【发布时间】:2022-01-14 03:53:58
【问题描述】:
我正在尝试填充两个表:
token:
word | df(the number of documents containing a word)
==========
"dog" | 5
"cat" | 2
"horse"| 1
token_count:
tokenid | docid| tf(the number of times a word occurs in a document)
====================
1 | 1 | 6
2 | 2 | 2
3 | 2 | 1
使用来自documents的数据:
id | title | body
=============================
1 | "dog" | "about dogs"
2 | "cats" | "about cats"
为此,我使用 ts_stat( 'select to_tsvector(''english'', body) from documents' ) 返回一个表格,其中包含该单词的文档频率以及该单词在整个列中出现的次数。虽然第二列正是我需要的 token 表,但第三列显示了整个列的文档频率。
word | ndoc | nentry
====================
dog | 5 | 6
cat | 2 | 2
horse| 1 | 1
此代码填充token 表并在 3 秒内完成一百个文档。
INSERT INTO token (word, document_frequency)
SELECT
word,
ndoc
FROM
ts_stat( 'select to_tsvector(''english'', body) from documents' );
我尝试在一个包含 15 个文档的较小数据集上运行以下代码,它可以工作,但是当我尝试在当前数据集(100 个文档)上运行它时,它永远不会停止运行。
WITH temp_data AS (
SELECT id ,
(ts_stat('select to_tsvector(''english'', body) from documents where id='||id)).*
FROM documents
)
INSERT INTO token_count (docid, tokenid, tf)
SELECT
id,
(SELECT id FROM token WHERE word = temp_data.word LIMIT 1),
nentry
FROM temp_data;
如何优化这个查询?
EXPLAIN ANALYZE 用于 15 个文档的数据集:
"Insert on token_count (cost=1023803.22..1938766428.23 rows=9100000 width=28) (actual time=59875.204..59875.206 rows=0 loops=1)"
" CTE temp_data"
" -> Result (cost=0.00..1023803.22 rows=9100000 width=44) (actual time=0.144..853.320 rows=42449 loops=1)"
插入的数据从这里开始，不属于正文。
(* Each [r] in [a^2 >= 2 r + 4] buys a factor [exp (- 2 p^2)]; the remaining
   [exp (- 4 p^2 + |p|)] absorbs the weight [1 + p^2]. *)
Lemma gauss_exp_weighted_le (a : R) (r : nat) (p : R) :
  2 * INR r + 4 <= a ^ 2 -> gauss_exp a p * (1 + p ^ 2) <= 2 * exp (- 2 * p ^ 2) ^ r.
Proof.
  intros Ha; rewrite <- exp_mul_INR.
  assert (Hg : gauss_exp a p <= exp (INR r * (- 2 * p ^ 2)) * exp (- 4 * Rabs p ^ 2 + Rabs p)).
  { unfold gauss_exp; rewrite <- exp_plus, pow2_abs; apply exp_le_compat.
    rewrite Rpow_mult_distr; generalize (pow2_ge_0 p) (Rabs_maj2 p); nra. }
  rewrite pow2_abs in Hg; assert (Hw := exp_quad_weighted_le (Rabs p)); rewrite pow2_abs in Hw.
  assert (Hp := one_plus_sq_pos p).
  apply Rle_trans with (exp (INR r * (- 2 * p ^ 2)) * (exp (- 4 * p ^ 2 + Rabs p) * (1 + p ^ 2))).
  - rewrite <- Rmult_assoc; apply Rmult_le_compat_r; lra.
  - generalize (exp_pos (INR r * (- 2 * p ^ 2))); intros; nra.
Qed.

Lemma psi_weighted_le (eps p : R) : 0 < eps <= exp (-2) -> psi eps p * (1 + p ^ 2) <= 4.
Proof.
  intros He; assert (Hp2 := one_plus_sq_pos p).
  destruct (Rle_or_lt 0 p) as [Hp | Hp].
  - generalize (proj2 (psi_pos_le_exp_abs eps He p)) (exp_neg_weighted_le p Hp).
    rewrite Rabs_pos_eq by auto; nra.
  - assert (Ha : 2 * INR 0 + 4 <= a_eps eps ^ 2)
      by (rewrite a_eps_sq; generalize (ln_inv_ge_2 eps He); simpl; lra).
    generalize (gauss_exp_weighted_le _ _ p Ha) (psi_le_gauss_exp_of_nonpos eps p (Rlt_le _ _ Hp)).
    simpl; nra.
Qed.

Lemma dpsi_weighted_le (eps : R) (r : nat) (p : R) :
  0 < eps <= exp (-2) -> 1 / 2 * ln (/ eps) <= INR r <= ln (/ eps) ->
  Rabs (dpsi eps r p) * (1 + p ^ 2) <= 6 * (66 * INR r) ^ r.
Proof.
  intros He Hr; assert (HL := ln_inv_ge_2 eps He); assert (Hr1 : 1 <= INR r) by lra.
  assert (Hp2 := one_plus_sq_pos p); set (a := a_eps eps).
  assert (HQ := qpoly_abs_le_small_eps eps r p He Hr); fold a in HQ.
  assert (HE : gauss_exp a p * (1 + p ^ 2) <= 2 * exp (- 2 * Rabs p ^ 2) ^ r).
  { rewrite pow2_abs; apply gauss_exp_weighted_le; unfold a; rewrite a_eps_sq; lra. }
  assert (Hlin : ((6 + 16 * Rabs p) * exp (- 2 * Rabs p ^ 2)) ^ r <= 22 ^ r).
  { apply pow_incr; split; [| apply linear_mul_gauss_le].
    generalize (Rabs_pos p) (exp_pos (- 2 * Rabs p ^ 2)); intros; apply Rmult_le_pos; lra. }
  rewrite Rpow_mult_distr in Hlin.
  assert (HQE : Rabs (qpoly a r p) * gauss_exp a p * (1 + p ^ 2) <= 2 * (66 * INR r) ^ r).
  { replace (66 * INR r) with (3 * INR r * 22) by ring; rewrite (Rpow_mult_distr _ 22).
    rewrite Rmult_assoc; eapply Rle_trans.
    { apply Rmult_le_compat; [apply Rabs_pos | | apply HQ | apply HE].
      apply Rmult_le_pos; [left; apply exp_pos | lra]. }
    generalize (pow_le (3 * INR r) r ltac:(lra)); nra. }
  assert (Hpsi := psi_weighted_le eps p He).
  assert (0 < psi eps p) by apply (psi_pos_le_exp_abs eps He p).
  assert (1 <= (66 * INR r) ^ r) by (apply pow_R1_Rle; lra).
  assert (Rabs (dpsi eps r p) <= psi eps p + Rabs (qpoly a r p) * gauss_exp a p).
  { unfold dpsi; fold a; eapply Rle_trans; [apply Rabs_triang |].
    rewrite !Rabs_mult, pow_1_abs, (Rabs_pos_eq (psi eps p)), (Rabs_pos_eq (gauss_exp a p)) by
      (left; auto; apply exp_pos); lra. }
  nra.
Qed.

(** * Improper integrals and the L2 bound *)

Lemma increasing_bounded_lim_p_infty (G : R -> R) (B : R) :
  (forall x y, x <= y -> G x <= G y) -> (forall x, G x <= B) ->
  exists l, filterlim G (Rbar_locally p_infty) (locally l) /\ (forall x, G x <= l) /\ l <= B.
Proof.
  intros Hmono HB.
  destruct (completeness (fun z => exists x, z = G x)) as [l [Hub Hlub]].
  { exists B; intros z [x ->]; auto. }
  { exists (G 0); eauto. }
  exists l; split; [| split; [intros x; apply Hub; eauto | apply Hlub; intros z [x ->]; auto]].
  apply filterlim_locally; intros e.
  assert (Hx0 : exists x0, l - e < G x0).
  { apply NNPP; intros Hn.
    assert (Hle : is_upper_bound (fun z => exists x, z = G x) (l - e)).
    { intros z [x ->]; apply Rnot_lt_le; intros Hlt; apply Hn; eauto. }
    specialize (Hlub _ Hle); destruct e; simpl in *; lra. }
  destruct Hx0 as [x0 Hx0]; exists x0; intros x Hx.
  assert (G x0 <= G x) by (apply Hmono; lra); assert (G x <= l) by (apply Hub; eauto).
  change (Rabs (G x - l) < e); apply Rabs_lt_between'; lra.
Qed.

Lemma increasing_bounded_lim_m_infty (G : R -> R) (B : R) :
  (forall x y, x <= y -> G x <= G y) -> (forall x, B <= G x) ->
  exists l, filterlim G (Rbar_locally m_infty) (locally l) /\ (forall x, l <= G x) /\ B <= l.
Proof.
  intros Hmono HB.
  destruct (increasing_bounded_lim_p_infty (fun x => - G (- x)) (- B)) as [l [Hl [Hub HlB]]].
  { intros x y Hxy; apply Ropp_le_contravar, Hmono; lra. }
  { intros x; apply Ropp_le_contravar, HB. }
  exists (- l); split.
  2: split; [intros x; generalize (Hub (- x)); rewrite Ropp_involutive; lra | lra].
  apply (filterlim_ext (fun x => - (- G (- - x))));
    [intros x; rewrite !Ropp_involutive; reflexivity |].
  apply (filterlim_comp _ _ _ Ropp (fun y => - (- G (- y))) _ (Rbar_locally p_infty));
    [apply (filterlim_Rbar_opp m_infty) |].
  apply (filterlim_comp _ _ _ (fun y => - G (- y)) Ropp _ (locally l)); [apply Hl |].
  apply (filterlim_opp (V := R_NormedModule)).
Qed.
" -> ProjectSet (cost=0.00..45553.23 rows=9100000 width=36) (actual time=0.142..809.366 rows=42449 loops=1)"
" -> Seq Scan on wikitable (cost=0.00..19.10 rows=910 width=4) (actual time=0.010..0.029 rows=16 loops=1)"
" -> CTE Scan on temp_data (cost=0.00..1937742625.00 rows=9100000 width=28) (actual time=0.509..59652.279 rows=42449 loops=1)"
" SubPlan 2"
" -> Limit (cost=0.00..212.92 rows=1 width=4) (actual time=1.381..1.381 rows=1 loops=42449)"
" -> Seq Scan on token (cost=0.00..425.84 rows=2 width=4) (actual time=1.372..1.372 rows=1 loops=42449)"
" Filter: ((word)::text = temp_data.word)"
" Rows Removed by Filter: 10384"
"Planning Time: 0.202 ms"
"Execution Time: 59876.350 ms"
EXPLAIN ANALYZE 用于 30 个文档的数据集:
"Insert on token_count (cost=1023803.22..6625550803.23 rows=9100000 width=28) (actual time=189910.438..189910.439 rows=0 loops=1)"
" CTE temp_data"
" -> Result (cost=0.00..1023803.22 rows=9100000 width=44) (actual time=0.191..2018.758 rows=92168 loops=1)"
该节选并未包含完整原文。